The constant denunciation of Western decadence and the West's alleged oppression of the third-world masses is the cloak behind which Al Qaeda and its fellow ideologues hide, much as Industrial Revolution-style capitalism served as the smokescreen obscuring the true intentions of mass-murdering communists like Lenin, Stalin, and Mao.
Which brings us back to D'Souza's fundamental and very damaging error. He is quite simply confusing an outward symptom of Islamofascism, its alleged grievance against Western (liberal) culture with the disease itself which is unbridled, murderous fury against a world the Islamofascists cannot control. It is a tribute to the effectiveness of Islamofascist propaganda that D'Souza should fall into this trap. But, given the amount of time he's had to research this issue, let alone the monetary support he's obviously received, one wonders how such a genuinely bright conservative light could have failed so completely to grasp the obvious.

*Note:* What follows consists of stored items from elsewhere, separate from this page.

Lemma powA_closed_form (a beta c : L) j :
  powA q (a, beta * (1 - a), c) j =
  (a ^+ j, beta * (1 - a ^+ j),
   beta ^+ q.+1 * ((a ^+ j) ^+ q.+1 - a ^+ j) +
   (c + a * beta ^+ q * (1 - a ^+ q) * beta) * \sum_(i < j) (a ^+ q.+1) ^+ i).
Proof.
elim: j => [|j IH]; first by rewrite big_ord0 !expr0 expr1n subrr !mulr0 addr0.
rewrite /powA iterS -/(powA q _ j) IH /Defs.compA /= big_ord_recr /=.
have -> : (a ^+ q.+1) ^+ j = a ^+ j * (a ^+ j) ^+ q by rewrite exprAC exprS.
by rewrite !exprS !exprMn frobD frobN expr1n; congr (_, _, _); ring.
Qed.

Lemma powA_unity (a b c : L) j : a != 1 -> a ^+ j = 1 ->
  powA q (a, b, c) j = (1, 0, kappa (a, b, c) * \sum_(i < j) (a ^+ q.+1) ^+ i).
Proof.
move=> a_neq1 a_j; have a1_neq0 : 1 - a != 0 by rewrite subr_eq0 eq_sym.
have b_def : b = b / (1 - a) * (1 - a) by rewrite divfK.
set beta := b / (1 - a) in b_def *.
have -> : kappa (a, b, c) = c + a * beta ^+ q * (1 - a ^+ q) * beta.
  by rewrite /kappa /= {1}b_def exprMn frobD frobN expr1n !mulrA.
by rewrite {1}b_def powA_closed_form a_j expr1n subrr !mulr0 add0r.
Qed.

Lemma has_orderA_kappa (a b c : L) s : (1 < s)%N -> has_order_mul a s ->
  (a ^+ q.+1 = 1 -> s%:R != 0 :> L) ->
  has_orderA q (a, b, c) s = (a ^+ q.+1 == 1) ==> (kappa (a, b, c) == 0).
Proof.
move=> s_gt1 [a_s a_lt] s_neq0; have a_neq1 : a != 1 by rewrite -[a]expr1 a_lt ?s_gt1.
rewrite /has_orderA; have -> : [forall k : 'I_s, (0 < k)%N ==> (powA q (a, b, c) k != idA L)].
  apply/forallP => k; apply/implyP => k_gt0.
  apply: contra (a_lt k _) => [/eqP powk|]; last by rewrite k_gt0 ltn_ord.
  by rewrite -(powA_a (a, b, c)) powk.
rewrite andbT powA_unity //.
rewrite sum_expr_unity_root; last by rewrite exprAC a_s expr1n.
rewrite /idA !xpair_eqE !eqxx /=.
have [/s_neq0 s_ne0 | _] := eqVneq (a ^+ q.+1) 1; last by rewrite mulr0 eqxx.
by rewrite mulf_eq0 (negbTE s_ne0) orbF.
Qed.

Lemma has_orderA_pchar p (a b c : L) s : p \in [pchar L] -> (p %| q)%N ->
  (1 < s)%N -> has_order_mul a s ->
  has_orderA q (a, b, c) s = (s %| q.+1)%N ==> (kappa (a, b, c) == 0).
Proof.
move=> chp p_q s_gt1 a_ord; have a_exp := has_order_mul_dvdn (ltnW s_gt1) a_ord.
rewrite has_orderA_kappa -?a_exp // => /eqP; rewrite a_exp => s_q1.
exact: natr_dvdS_neq0 chp p_q s_q1.
Qed.

End PowersA.

Section GroupB.
Variables (L : finFieldType) (q : nat).

Definition abd (g : quad L) : L * L * L := (qa g, qb g, qd g).

Definition powB (g : quad L) j : quad L := iter j (compB q g) (idB L).

Lemma abd_qc_inj (g h : quad L) : abd g = abd h -> qc g = qc h -> g = h.
Proof.
by case: g h => [[[a b] c] d] [[[a' b'] c'] d']; rewrite /abd /qa /qb /qc /qd /= => -[-> -> ->] ->.
Qed.

Lemma piB_powB g j : piB (powB g j) = powA q (piB g) j.
Proof.
elim: j => [|j IH] //; rewrite /powB /powA !iterS -/(powB g j) -/(powA q _ j) -IH.
by case: (powB g j) => [[[? ?] ?] ?].
Qed.

Lemma qb_powB g j : qb (powB g j) = qb g * \sum_(i < j) qa g ^+ i.
Proof. by have := congr1 (fun t => t.1.2) (piB_powB g j); rewrite powA_b. Qed.

Lemma qd_powB g j : qd (powB g j) = qd g ^+ j.
Proof. by elim: j => [|j IH] //; rewrite /powB iterS -/(powB g j) exprS -IH. Qed.

Lemma qa_compB (g h : quad L) : qa (compB q g h) = qa g * qa h. Proof. by []. Qed.
Lemma qb_compB (g h : quad L) : qb (compB q g h) = qa h * qb g + qb h. Proof. by []. Qed.
Lemma qc_compB (g h : quad L) :
  qc (compB q g h) = qa h ^+ q.+1 * qc g + qa h * qb h ^+ q * qb g + qc h.
Proof. by []. Qed.
Lemma qd_compB (g h : quad L) : qd (compB q g h) = qd g * qd h. Proof. by []. Qed.

Lemma compB1l g : compB q (idB L) g = g.
Proof.
by case: g => [[[a b] c] d]; rewrite /compB /qa /qb /qc /qd /= !mulr0 !mul1r !add0r.
Qed.

Hypothesis frobD : forall x y : L, (x + y) ^+ q = x ^+ q + y ^+ q.
Hypothesis q_gt0 : (0 < q)%N.

Lemma compB1r g : compB q g (idB L) = g.
Proof.
case: g => [[[a b] c] d].
by rewrite /compB /qa /qb /qc /qd /= expr0n gtn_eqF // expr1n mulr0 mul0r !mulr1 !mul1r !addr0.
Qed.

Lemma compBA : associative (@compB L q).
Proof.
move=> [[[a1 b1] c1] d1] [[[a2 b2] c2] d2] [[[a3 b3] c3] d3].
rewrite /compB /qa /qb /qc /qd /= frobD !exprMn !exprS.
by congr (_, _, _, _); ring.
Qed.

Section Subgroup.
Variables (n : nat) (G : {set quad L}).
Hypothesis sG : is_subgroupB q n G.

Lemma subgroupB_qd_exp g : g \in G -> qd g ^+ mB q n = qa g.
Proof. by case: sG => sub _ _ _ /sub; rewrite unfold_in => /and5P[_ _ _ _ /andP[_ /eqP]]. Qed.

Lemma subgroupB_qa1 g : g \in G -> qd g = 1 -> qa g = 1.
Proof. by move=> gG g1; rewrite -subgroupB_qd_exp // g1 expr1n. Qed.

Lemma subgroupB_inv x : x \in G ->
  exists2 h, h \in G & compB q h x = idB L /\ compB q x h = idB L.
Proof.
case: sG => _ _ _ Ginv xG; have [h hG hx] := Ginv x xG; have [h' _ h'h] := Ginv h hG.
exists h => //; split => //; suff <- : h' = x by [].
by rewrite -[h']compB1r -hx compBA h'h compB1l.
Qed.

Lemma subgroupB_qa_neq0 g : g \in G -> qa g != 0.
Proof.
move=> /subgroupB_inv[h _ [/(congr1 (@qa L)) hg _]].
by apply/eqP => g0; move: hg; rewrite qa_compB g0 mulr0 => /eqP; rewrite eq_sym oner_eq0.
Qed.

Lemma subgroupB_qd_neq0 g : g \in G -> qd g != 0.
Proof.
move=> /subgroupB_inv[h _ [/(congr1 (@qd L)) hg _]].
by apply/eqP => g0; move: hg; rewrite qd_compB g0 mulr0 => /eqP; rewrite eq_sym oner_eq0.
Qed.

Lemma powB_in g j : g \in G -> powB g j \in G.
Proof.
case: sG => _ G_id Gmul _ gG.
by elim: j => [|j IH] //; rewrite /powB iterS -/(powB g j) Gmul.
Qed.

Lemma card_rcompB (P : pred (quad L)) x : x \in G ->
  #|[set y in G | P (compB q y x)]| = #|[set y in G | P y]|.
Proof.
move=> xG; have [h hG [hx xh]] := subgroupB_inv xG; case: sG => _ _ Gmul _.
rewrite -(card_in_imset (f := compB q ^~ x)) => [|y y' _ _ /(congr1 (compB q ^~ h))]; last first.
  by rewrite -!compBA xh !compB1r.
apply: eq_card => z; rewrite [in RHS]inE; apply/imsetP/andP => [[y] | [zG Pz]].
  by rewrite inE => /andP[yG Py] ->; rewrite Gmul.
by exists (compB q z h); rewrite ?inE -?compBA ?hx ?compB1r ?Gmul ?Pz.
Qed.

Local Notation m := (mB q n).

Definition ker_abd : {set quad L} := [set g in G | abd g == (1, 0, 1)].

Lemma card_abd_fibre x : x \in G ->
  #|[set y in G | abd y == abd x]| = #|ker_abd|.
Proof.
move=> xG; have xa := subgroupB_qa_neq0 xG; have xd := subgroupB_qd_neq0 xG.
rewrite -(card_rcompB (fun z => abd z == abd x) xG).
apply: eq_card => y; rewrite !inE; apply: andb_id2l => yG.
rewrite /abd qa_compB qb_compB qd_compB !xpair_eqE.
rewrite -{2}[qa x]mul1r -{2}[qd x]mul1r -{2}[qb x]add0r.
by rewrite !(inj_eq (mulIf _)) // (inj_eq (addIr _)) mulf_eq0 (negbTE xa).
Qed.

Lemma card_qa_fibre a : a \in G1 G ->
  #|[set g in G | qa g == a]| = #|[set g in G | qa g == 1]|.
Proof.
case/imsetP => x xG ->; rewrite -(card_rcompB (fun z => qa z == qa x) xG).
apply: eq_card => y; rewrite !inE; apply: andb_id2l => yG.
by rewrite qa_compB -{2}[qa x]mul1r (inj_eq (mulIf (subgroupB_qa_neq0 xG))).
Qed.

Lemma card_qa1 : #|[set g in G | qa g == 1]| = (gcdn (g0 G) m * gw G)%N.
Proof.
case: (sG) => _ G_id Gmul _.
rewrite (card_uniform_fibres (f := @qd L) (c := gw G)) => [|x]; last first.
  rewrite inE => /andP[xG /eqP x1].
  have -> : [set y in [set g in G | qa g == 1] | qd y == qd x] =
            [set y in G | (qa y == 1) && (qd y == qd x)].
    by apply/setP => y; rewrite !inE andbA.
  rewrite -(card_rcompB _ xG); apply: eq_card => y; rewrite !inE; apply: andb_id2l => yG.
  rewrite qa_compB qd_compB x1 mulr1 -{2}[qd x]mul1r (inj_eq (mulIf (subgroupB_qd_neq0 xG))).
  by apply/andP/idP => [[] // | /eqP y1]; rewrite subgroupB_qa1 ?y1.
congr (_ * _)%N; rewrite /g0 -card_unity_roots_subgroup.
- apply: eq_card => d; rewrite [in RHS]inE; apply/imsetP/andP => [[x] | [/imsetP[x xG ->] x1]].
    by rewrite inE => /andP[xG /eqP x1] ->; rewrite imset_f // subgroupB_qd_exp ?x1.
  by exists x; rewrite // inE xG -subgroupB_qd_exp.
- by apply/imsetP => -[x /subgroupB_qd_neq0 xd x0]; rewrite x0 eqxx in xd.
- by apply/imsetP; exists (idB L).
- by move=> _ _ /imsetP[x xG ->] /imsetP[y yG ->]; rewrite -qd_compB imset_f ?Gmul.
Qed.

Variable p : nat.
Hypothesis chp : p \in [pchar L].
Hypothesis m_neq0 : m%:R != 0 :> L.

Let p_pred_gt0 : (0 < p.-1)%N.
Proof. by rewrite -subn1 subn_gt0 prime_gt1 ?(pcharf_prime chp). Qed.

Lemma G2_qb_ker_qd : G2 G = [set qb g | g in G & qd g == 1].
Proof.
apply/setP => b; rewrite inE; apply/existsP/imsetP => [[g /and3P[gG /eqP g_a1 /eqP <-]] | [g]].
  (* m ^ (p - 1) is a multiple of m and equals 1 in L, by Fermat. *)
  exists (powB g (m ^ p.-1)).
    rewrite inE powB_in //= qd_powB -(divnK (dvdn_exp p_pred_gt0 (dvdnn m))) mulnC exprM.
    by rewrite subgroupB_qd_exp // g_a1 expr1n.
  rewrite qb_powB g_a1 (eq_bigr (fun _ => 1)) => [|i _]; last by rewrite expr1n.
  by rewrite sumr_const card_ord natrX natr_expr_pred_pchar // mulr1.
by rewrite inE => /andP[gG g1] ->; exists g; rewrite gG subgroupB_qa1 ?(eqP g1) ?eqxx.
Qed.

Lemma card_ker_qd : gw G = (#|G2 G| * #|ker_abd|)%N.
Proof.
rewrite /gw (card_uniform_fibres (f := abd) (c := #|ker_abd|)) => [|x]; last first.
  rewrite inE => /andP[xG /eqP x1]; rewrite -(card_abd_fibre xG).
  apply: eq_card => y; rewrite !inE -andbA; apply: andb_id2l => yG.
  by rewrite /abd !xpair_eqE x1; case: (qd y == 1); rewrite ?andbT ?andbF.
have inj_b : injective (fun b : L => (1, b, 1) : L * L * L) by move=> b b' [].
rewrite G2_qb_ker_qd -(card_imset _ inj_b) -imset_comp; congr (_ * _)%N.
apply: eq_card => t; apply/imsetP/imsetP => -[g]; rewrite inE => /andP[gG /eqP g1] ->.
  by exists g; rewrite ?inE ?gG /abd /= ?g1 ?subgroupB_qa1 ?eqxx.
by exists g; rewrite ?inE ?gG /abd /= ?g1 ?subgroupB_qa1 ?eqxx.
Qed.

Lemma exists_kappa0_abd e N : e \in G -> qa e != 1 -> qa e ^+ q.+1 = 1 ->
  qd e ^+ N = 1 -> N%:R != 0 :> L ->
  exists2 g, g \in G & (abd g == abd e) && (kappa q (piB g) == 0).
Proof.
move=> eG a_neq1 a_q1 eN N_neq0; case: (sG) => _ _ Gmul _.
(* By Fermat, j is a multiple of N with j = -1 in L. *)
pose j := (p.-1 * N ^ p.-1)%N.
have e_j : qd e ^+ j = 1.
  have N_j : (N %| j)%N by rewrite dvdn_mull // dvdn_exp.
  by rewrite -(divnK N_j) mulnC exprM eN expr1n.
have a_j : qa e ^+ j = 1 by rewrite -(subgroupB_qd_exp eG) exprAC e_j expr1n.
have j_R : j%:R = -1 :> L.
  by rewrite natrM natrX natr_expr_pred_pchar // natr_pred_pchar // mulr1.
have := piB_powB e j; rewrite {2}/piB powA_unity // sum_expr_unity_root ?a_q1 ?expr1n //.
rewrite eqxx j_R mulrN1 => -[z_a z_b z_c].
exists (compB q (powB e j) e); first by rewrite Gmul ?powB_in.
rewrite /abd /kappa /piB qa_compB qb_compB qd_compB qd_powB z_a z_b e_j.
rewrite !mul1r mulr0 add0r eqxx qc_compB z_c z_b a_q1 /kappa /=.
by apply/eqP; ring.
Qed.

What conservatives have failed to grasp, are failing to grasp, and seem determined to continue to fail to grasp is the left's true "guilt" for 9/11. The left did not cause 9/11, as D'Souza theorizes. That point of view is simply asinine. What the left actually accomplished is far more insidious. By weakening our educational system and the objectivity of our courts over the past half century; by transforming the goal of civil rights and equality for all into institutionalized, race-based class struggle; by dominating nearly every outlet for information and by turning most into socialist propaganda mills; by employing the ACLU to rip religious underpinnings out from under American culture and jurisprudence; and, lately, by undermining objective science itself by means of advocacy groups ranging from Greenpeace and the Sierra Club to the so-called Union of Concerned Scientists, American and Western socialists and Marxists not only left our society vulnerable to being blindsided by an enemy it chose not to see. They further hamper us in achieving victory against this enemy because they actively and continuously undermine our ability to mount a sustained, unified response.